Please find every line below that includes "finType" and report how many there are. Nothing else is needed.

DATASET RECORDS Start Marker

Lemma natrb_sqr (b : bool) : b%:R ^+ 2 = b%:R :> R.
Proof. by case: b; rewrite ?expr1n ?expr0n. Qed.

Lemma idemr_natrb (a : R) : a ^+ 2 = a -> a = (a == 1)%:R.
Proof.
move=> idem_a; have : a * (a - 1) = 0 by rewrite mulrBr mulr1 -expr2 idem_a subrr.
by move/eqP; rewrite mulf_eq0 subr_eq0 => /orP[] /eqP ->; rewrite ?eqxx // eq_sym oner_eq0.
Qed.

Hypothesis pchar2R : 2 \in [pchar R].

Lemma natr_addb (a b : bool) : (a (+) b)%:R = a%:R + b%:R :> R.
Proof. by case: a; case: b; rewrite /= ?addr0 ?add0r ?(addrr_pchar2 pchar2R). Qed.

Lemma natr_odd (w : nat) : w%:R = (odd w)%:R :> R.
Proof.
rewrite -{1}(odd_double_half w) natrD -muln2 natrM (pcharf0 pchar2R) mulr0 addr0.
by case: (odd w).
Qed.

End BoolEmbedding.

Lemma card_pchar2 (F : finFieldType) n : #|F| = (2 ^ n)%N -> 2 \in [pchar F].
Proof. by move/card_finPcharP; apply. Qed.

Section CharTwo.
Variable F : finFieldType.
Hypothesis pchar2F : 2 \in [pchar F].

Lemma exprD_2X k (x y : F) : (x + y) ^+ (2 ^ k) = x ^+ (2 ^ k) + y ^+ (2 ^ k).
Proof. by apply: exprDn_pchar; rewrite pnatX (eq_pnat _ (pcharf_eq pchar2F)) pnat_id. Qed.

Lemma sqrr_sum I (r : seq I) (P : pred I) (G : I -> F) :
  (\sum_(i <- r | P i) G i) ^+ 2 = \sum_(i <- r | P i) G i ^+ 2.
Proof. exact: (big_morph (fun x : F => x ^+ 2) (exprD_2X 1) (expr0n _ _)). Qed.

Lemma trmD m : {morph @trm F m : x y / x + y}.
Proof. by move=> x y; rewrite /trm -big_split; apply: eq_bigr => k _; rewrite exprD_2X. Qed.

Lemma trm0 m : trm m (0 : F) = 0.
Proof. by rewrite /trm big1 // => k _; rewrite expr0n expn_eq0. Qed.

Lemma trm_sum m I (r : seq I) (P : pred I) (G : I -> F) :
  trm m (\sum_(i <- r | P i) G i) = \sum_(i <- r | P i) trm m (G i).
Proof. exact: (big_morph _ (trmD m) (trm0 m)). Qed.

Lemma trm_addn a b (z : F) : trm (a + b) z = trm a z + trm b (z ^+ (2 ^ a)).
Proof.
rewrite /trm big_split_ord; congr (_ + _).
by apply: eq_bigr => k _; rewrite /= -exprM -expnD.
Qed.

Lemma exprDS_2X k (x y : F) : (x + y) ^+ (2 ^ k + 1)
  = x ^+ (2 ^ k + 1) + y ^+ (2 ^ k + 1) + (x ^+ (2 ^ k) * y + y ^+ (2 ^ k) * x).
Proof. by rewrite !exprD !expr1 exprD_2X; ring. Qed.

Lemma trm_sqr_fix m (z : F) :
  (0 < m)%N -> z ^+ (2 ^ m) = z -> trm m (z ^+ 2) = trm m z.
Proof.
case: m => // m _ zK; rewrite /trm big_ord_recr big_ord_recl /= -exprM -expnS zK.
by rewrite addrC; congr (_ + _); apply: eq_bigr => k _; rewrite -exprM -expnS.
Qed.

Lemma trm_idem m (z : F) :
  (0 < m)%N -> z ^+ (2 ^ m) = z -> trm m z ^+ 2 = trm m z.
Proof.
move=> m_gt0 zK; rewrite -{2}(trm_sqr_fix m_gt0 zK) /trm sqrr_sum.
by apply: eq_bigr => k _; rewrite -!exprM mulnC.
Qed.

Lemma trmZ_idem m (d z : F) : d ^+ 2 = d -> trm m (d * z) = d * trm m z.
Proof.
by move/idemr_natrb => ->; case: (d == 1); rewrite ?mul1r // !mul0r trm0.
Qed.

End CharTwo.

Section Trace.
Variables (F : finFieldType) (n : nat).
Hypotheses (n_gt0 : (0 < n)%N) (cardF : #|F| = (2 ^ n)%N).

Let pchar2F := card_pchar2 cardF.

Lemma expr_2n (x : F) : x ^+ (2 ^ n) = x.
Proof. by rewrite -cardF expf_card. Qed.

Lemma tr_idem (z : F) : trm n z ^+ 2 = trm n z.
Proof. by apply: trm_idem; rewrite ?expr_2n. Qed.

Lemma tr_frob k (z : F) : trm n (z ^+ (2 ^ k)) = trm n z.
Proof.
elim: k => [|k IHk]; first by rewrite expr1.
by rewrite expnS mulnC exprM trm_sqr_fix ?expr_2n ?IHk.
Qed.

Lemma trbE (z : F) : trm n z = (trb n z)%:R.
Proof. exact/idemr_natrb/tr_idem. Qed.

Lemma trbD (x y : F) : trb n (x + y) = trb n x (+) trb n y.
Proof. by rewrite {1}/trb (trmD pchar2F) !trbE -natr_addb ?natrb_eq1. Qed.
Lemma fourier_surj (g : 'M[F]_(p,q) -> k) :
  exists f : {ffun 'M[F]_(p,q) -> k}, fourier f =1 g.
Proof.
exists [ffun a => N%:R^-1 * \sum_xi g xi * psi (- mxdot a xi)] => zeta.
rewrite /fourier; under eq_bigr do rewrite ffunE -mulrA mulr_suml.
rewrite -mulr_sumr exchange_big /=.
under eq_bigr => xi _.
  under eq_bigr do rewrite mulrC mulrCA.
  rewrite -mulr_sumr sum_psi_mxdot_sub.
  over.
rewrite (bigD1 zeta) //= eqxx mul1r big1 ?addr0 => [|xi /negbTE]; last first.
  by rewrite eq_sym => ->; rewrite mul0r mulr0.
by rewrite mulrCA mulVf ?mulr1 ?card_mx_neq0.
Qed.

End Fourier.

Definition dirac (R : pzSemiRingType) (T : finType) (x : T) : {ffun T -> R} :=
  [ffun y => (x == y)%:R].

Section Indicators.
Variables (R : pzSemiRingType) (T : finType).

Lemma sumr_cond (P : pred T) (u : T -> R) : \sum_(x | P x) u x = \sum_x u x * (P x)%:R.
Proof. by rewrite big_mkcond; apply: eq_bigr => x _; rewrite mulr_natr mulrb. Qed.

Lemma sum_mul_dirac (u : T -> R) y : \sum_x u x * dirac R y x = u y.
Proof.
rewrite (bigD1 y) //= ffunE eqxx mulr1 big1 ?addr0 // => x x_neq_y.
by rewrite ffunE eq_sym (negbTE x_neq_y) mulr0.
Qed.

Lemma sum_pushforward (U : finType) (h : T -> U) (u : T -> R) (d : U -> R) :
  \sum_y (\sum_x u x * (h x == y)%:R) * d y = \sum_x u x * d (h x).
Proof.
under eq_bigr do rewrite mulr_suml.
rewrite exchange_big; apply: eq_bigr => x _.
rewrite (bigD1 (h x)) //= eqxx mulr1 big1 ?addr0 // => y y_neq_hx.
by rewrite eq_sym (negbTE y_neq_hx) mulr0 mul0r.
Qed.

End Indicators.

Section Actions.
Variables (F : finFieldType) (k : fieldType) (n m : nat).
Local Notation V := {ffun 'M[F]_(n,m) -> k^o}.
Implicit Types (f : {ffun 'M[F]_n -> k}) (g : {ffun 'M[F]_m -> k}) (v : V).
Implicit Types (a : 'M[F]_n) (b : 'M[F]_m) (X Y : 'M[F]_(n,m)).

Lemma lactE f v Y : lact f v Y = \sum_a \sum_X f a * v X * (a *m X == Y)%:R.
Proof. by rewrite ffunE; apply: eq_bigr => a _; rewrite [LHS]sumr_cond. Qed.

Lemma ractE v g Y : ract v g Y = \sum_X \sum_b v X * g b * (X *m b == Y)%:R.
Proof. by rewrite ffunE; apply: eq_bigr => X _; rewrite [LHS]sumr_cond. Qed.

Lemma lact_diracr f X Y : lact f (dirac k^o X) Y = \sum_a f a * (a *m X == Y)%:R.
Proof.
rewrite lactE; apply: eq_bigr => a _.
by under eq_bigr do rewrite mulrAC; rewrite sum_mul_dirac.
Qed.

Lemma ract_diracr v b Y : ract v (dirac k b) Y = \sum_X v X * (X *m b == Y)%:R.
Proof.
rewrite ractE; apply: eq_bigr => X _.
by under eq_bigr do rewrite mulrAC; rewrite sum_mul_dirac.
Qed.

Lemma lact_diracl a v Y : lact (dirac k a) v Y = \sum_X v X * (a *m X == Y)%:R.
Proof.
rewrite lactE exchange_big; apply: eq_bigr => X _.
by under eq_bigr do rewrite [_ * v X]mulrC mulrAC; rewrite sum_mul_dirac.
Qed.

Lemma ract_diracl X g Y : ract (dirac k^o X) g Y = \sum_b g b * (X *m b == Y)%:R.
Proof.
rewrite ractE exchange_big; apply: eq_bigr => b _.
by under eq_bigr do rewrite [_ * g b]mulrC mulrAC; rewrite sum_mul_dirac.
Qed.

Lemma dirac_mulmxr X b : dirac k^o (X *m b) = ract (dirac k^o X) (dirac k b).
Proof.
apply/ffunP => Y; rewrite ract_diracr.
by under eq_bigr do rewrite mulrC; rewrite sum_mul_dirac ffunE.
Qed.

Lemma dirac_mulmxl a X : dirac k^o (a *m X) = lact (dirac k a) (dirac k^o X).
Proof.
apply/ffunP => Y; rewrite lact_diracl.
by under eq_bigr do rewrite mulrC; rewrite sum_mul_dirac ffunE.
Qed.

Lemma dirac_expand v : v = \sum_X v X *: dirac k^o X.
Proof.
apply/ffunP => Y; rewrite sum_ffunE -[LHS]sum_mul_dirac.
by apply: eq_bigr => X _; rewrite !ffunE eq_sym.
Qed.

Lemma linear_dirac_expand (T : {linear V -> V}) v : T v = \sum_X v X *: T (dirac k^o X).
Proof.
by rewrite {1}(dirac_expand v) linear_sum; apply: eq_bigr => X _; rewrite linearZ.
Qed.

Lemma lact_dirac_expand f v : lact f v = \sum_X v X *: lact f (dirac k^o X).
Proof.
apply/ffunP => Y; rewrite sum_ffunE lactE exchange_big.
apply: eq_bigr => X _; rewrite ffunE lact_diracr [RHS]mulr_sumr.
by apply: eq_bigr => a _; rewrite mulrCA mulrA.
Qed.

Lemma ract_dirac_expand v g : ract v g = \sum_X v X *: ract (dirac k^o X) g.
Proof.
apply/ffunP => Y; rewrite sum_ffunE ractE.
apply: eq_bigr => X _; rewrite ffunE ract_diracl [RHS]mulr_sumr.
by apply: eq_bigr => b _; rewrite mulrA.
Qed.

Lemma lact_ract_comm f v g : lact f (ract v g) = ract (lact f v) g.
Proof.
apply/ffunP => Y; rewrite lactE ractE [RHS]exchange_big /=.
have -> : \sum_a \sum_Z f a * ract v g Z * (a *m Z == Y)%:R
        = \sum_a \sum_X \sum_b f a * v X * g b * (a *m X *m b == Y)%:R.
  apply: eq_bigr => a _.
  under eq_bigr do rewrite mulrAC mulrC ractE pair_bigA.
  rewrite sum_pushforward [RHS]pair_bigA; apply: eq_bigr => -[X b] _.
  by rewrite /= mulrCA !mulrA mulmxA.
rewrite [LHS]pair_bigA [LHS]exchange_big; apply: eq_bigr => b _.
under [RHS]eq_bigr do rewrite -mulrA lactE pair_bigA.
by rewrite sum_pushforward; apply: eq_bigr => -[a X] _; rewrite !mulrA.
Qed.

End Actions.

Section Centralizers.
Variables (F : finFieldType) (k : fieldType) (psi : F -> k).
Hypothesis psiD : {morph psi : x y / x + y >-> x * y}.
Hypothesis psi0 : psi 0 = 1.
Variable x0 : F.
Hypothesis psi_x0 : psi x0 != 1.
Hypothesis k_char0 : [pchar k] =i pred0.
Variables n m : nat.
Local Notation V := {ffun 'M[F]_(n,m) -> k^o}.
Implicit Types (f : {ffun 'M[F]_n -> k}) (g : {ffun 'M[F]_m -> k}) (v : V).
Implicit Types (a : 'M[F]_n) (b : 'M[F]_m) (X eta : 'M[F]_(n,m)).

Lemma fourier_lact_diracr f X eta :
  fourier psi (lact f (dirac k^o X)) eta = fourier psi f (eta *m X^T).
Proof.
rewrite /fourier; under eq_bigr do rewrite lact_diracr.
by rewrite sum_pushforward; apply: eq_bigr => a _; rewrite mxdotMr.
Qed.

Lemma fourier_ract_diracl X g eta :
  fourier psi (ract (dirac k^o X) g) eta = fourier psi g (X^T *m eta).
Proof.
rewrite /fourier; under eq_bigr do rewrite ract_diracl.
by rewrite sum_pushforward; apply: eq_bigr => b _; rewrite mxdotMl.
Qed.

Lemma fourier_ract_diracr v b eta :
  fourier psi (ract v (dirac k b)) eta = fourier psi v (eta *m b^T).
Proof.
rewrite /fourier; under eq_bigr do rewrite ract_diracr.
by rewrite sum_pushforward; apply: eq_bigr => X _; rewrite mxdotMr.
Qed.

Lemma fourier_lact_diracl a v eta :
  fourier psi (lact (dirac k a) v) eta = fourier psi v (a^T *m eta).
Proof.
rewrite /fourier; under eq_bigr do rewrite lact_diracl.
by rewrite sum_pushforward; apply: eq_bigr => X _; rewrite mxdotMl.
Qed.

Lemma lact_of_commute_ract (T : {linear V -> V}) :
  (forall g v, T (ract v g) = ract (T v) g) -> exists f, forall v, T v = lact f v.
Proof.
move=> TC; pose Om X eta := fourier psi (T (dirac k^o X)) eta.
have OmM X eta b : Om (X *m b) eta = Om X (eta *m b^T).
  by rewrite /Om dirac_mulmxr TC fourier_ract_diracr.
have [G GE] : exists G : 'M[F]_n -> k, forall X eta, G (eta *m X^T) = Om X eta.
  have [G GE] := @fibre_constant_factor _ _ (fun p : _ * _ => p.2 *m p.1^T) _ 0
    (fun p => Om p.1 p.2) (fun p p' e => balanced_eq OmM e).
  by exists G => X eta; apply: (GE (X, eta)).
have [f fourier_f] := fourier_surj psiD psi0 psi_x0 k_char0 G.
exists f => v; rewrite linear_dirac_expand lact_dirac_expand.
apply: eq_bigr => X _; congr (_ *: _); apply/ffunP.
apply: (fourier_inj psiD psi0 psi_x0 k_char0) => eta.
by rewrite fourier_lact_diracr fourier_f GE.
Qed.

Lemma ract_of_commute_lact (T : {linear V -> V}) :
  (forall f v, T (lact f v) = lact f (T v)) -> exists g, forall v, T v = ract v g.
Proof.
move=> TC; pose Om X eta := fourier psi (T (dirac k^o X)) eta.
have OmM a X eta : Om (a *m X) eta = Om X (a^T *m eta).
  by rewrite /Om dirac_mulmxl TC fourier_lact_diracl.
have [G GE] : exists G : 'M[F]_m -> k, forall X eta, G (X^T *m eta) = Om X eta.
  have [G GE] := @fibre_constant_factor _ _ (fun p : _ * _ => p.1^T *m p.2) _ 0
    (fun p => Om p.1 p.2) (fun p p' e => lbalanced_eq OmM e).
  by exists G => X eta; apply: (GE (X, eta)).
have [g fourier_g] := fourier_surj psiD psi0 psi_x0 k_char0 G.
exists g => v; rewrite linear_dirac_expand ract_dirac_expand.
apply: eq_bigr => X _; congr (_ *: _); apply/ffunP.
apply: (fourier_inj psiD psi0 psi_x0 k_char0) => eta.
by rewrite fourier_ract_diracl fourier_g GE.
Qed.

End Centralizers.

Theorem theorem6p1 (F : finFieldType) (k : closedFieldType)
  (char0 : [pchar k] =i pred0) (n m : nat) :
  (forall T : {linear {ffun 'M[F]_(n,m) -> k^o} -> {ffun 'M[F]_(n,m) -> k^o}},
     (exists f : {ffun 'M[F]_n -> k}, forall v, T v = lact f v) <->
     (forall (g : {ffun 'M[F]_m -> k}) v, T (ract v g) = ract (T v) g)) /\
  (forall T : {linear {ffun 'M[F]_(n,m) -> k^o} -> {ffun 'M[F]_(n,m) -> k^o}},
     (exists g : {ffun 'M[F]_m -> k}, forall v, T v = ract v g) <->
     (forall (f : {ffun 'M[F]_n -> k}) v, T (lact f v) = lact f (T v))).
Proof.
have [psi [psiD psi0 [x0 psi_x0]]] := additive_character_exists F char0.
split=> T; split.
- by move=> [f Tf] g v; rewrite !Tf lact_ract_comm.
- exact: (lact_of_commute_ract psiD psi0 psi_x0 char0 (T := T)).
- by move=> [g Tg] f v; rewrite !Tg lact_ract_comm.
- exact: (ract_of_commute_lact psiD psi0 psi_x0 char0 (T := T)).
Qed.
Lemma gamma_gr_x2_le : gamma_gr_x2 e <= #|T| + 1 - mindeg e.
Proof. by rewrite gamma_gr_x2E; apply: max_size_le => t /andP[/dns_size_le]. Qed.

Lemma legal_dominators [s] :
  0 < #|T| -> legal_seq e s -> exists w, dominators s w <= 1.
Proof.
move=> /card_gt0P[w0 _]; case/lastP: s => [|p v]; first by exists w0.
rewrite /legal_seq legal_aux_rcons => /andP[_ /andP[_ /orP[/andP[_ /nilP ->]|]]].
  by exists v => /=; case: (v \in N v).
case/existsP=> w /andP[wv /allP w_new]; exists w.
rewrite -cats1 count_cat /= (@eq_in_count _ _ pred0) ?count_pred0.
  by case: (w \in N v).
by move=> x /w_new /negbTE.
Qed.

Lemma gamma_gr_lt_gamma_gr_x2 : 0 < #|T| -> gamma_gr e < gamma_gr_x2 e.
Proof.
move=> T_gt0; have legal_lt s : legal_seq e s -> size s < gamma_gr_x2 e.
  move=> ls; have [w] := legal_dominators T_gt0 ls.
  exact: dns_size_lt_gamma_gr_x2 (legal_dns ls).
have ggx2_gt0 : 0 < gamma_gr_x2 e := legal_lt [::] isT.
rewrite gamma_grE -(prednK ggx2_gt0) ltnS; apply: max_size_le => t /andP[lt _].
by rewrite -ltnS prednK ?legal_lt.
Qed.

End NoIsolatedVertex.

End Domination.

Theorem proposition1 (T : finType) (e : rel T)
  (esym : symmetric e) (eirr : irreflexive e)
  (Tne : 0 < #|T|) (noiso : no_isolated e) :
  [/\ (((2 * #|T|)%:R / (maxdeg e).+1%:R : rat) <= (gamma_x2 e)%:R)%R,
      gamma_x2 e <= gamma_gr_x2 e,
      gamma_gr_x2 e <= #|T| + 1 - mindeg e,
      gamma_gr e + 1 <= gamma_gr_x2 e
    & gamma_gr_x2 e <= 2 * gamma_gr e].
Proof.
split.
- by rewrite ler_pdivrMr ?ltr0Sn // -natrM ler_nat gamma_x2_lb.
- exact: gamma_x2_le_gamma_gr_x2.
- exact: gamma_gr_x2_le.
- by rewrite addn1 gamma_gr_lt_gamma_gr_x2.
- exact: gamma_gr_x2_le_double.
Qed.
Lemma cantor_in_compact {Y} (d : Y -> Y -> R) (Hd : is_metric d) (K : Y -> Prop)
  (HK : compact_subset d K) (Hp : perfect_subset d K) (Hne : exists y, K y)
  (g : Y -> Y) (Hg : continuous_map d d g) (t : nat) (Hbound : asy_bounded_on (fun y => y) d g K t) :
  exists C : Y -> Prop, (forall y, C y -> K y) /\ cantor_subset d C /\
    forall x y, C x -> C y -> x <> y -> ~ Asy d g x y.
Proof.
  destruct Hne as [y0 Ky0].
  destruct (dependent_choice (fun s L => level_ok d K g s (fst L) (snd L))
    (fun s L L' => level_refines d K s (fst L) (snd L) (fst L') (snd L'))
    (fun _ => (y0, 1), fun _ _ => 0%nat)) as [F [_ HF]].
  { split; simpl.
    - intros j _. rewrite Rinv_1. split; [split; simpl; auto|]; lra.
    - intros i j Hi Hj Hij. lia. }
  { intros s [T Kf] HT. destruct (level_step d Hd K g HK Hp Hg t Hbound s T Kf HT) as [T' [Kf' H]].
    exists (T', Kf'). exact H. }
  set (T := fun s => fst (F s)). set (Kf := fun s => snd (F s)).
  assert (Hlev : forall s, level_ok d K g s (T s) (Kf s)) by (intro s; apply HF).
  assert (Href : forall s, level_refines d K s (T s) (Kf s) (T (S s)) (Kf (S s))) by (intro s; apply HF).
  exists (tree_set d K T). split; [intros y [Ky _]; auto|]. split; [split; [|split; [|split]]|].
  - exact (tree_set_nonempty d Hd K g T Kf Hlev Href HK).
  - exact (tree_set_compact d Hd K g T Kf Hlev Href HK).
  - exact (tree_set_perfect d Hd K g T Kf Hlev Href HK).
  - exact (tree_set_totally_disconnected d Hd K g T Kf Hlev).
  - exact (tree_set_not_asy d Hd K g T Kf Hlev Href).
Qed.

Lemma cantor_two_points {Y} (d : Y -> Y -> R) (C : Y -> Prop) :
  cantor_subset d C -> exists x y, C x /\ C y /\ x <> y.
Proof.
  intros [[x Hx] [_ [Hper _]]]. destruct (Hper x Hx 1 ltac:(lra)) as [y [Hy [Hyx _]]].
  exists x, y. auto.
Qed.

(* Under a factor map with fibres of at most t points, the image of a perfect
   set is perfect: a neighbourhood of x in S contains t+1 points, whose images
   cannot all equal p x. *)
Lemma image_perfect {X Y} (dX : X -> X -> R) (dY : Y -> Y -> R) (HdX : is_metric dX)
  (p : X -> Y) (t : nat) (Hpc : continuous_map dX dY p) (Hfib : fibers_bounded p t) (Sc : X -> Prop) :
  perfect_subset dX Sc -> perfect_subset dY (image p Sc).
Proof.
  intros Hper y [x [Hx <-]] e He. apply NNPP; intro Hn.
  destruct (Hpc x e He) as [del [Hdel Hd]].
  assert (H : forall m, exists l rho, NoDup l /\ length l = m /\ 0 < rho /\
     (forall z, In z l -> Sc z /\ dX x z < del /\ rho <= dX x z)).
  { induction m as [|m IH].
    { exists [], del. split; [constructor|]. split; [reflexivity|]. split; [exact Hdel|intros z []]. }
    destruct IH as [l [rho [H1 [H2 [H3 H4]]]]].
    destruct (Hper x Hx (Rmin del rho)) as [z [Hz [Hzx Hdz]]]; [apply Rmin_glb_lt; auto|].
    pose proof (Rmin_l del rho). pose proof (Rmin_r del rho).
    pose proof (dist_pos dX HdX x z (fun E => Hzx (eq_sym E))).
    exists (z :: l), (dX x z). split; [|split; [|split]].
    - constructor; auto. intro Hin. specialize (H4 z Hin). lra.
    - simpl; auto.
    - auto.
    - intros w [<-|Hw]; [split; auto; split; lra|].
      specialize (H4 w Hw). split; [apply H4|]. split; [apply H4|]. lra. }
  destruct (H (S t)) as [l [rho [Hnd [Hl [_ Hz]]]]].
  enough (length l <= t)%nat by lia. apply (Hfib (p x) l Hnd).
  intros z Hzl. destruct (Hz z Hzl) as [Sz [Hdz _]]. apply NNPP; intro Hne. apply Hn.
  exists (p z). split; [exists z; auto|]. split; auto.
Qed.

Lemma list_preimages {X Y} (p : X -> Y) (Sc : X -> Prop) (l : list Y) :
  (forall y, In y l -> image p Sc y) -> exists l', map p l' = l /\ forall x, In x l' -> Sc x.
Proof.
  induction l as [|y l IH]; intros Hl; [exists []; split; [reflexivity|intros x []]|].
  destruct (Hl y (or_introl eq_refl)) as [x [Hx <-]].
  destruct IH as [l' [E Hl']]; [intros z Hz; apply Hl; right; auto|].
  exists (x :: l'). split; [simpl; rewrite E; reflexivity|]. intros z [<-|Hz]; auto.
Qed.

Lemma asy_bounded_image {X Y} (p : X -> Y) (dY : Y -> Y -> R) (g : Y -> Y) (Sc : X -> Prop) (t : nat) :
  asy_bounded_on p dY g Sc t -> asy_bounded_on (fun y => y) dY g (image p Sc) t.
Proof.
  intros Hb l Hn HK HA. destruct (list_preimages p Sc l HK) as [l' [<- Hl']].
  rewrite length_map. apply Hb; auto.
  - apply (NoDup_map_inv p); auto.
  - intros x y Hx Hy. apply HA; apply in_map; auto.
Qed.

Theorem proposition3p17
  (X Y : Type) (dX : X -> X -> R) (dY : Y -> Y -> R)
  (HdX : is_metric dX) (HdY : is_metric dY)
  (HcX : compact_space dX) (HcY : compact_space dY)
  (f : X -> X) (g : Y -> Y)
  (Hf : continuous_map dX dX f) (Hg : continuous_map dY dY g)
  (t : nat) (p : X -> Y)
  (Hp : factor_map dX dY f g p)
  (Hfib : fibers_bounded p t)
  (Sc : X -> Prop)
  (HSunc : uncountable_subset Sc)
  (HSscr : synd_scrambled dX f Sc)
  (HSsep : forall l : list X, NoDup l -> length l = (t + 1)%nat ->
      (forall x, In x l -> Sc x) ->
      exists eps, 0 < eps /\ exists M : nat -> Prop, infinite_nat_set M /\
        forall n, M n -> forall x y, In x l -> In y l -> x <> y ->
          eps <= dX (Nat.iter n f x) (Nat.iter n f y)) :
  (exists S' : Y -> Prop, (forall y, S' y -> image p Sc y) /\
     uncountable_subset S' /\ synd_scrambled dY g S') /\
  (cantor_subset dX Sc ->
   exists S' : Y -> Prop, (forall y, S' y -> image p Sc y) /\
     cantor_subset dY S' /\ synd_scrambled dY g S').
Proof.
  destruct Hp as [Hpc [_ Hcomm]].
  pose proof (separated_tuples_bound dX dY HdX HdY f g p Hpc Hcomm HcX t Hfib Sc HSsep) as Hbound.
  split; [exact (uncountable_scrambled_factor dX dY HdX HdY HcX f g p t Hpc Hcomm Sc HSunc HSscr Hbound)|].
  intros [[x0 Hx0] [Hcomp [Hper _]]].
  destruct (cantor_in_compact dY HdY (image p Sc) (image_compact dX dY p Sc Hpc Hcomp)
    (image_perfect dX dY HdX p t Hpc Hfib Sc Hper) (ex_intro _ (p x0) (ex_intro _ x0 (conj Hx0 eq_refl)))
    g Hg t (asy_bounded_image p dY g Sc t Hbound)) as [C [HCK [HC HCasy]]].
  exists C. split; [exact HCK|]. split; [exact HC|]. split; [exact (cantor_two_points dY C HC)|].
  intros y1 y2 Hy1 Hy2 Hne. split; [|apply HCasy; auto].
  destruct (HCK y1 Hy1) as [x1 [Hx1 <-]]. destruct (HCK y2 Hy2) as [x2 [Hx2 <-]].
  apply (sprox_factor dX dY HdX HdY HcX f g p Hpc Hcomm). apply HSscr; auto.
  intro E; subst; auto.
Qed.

DATASET RECORDS End Marker

- **TASK RESPONSE**
4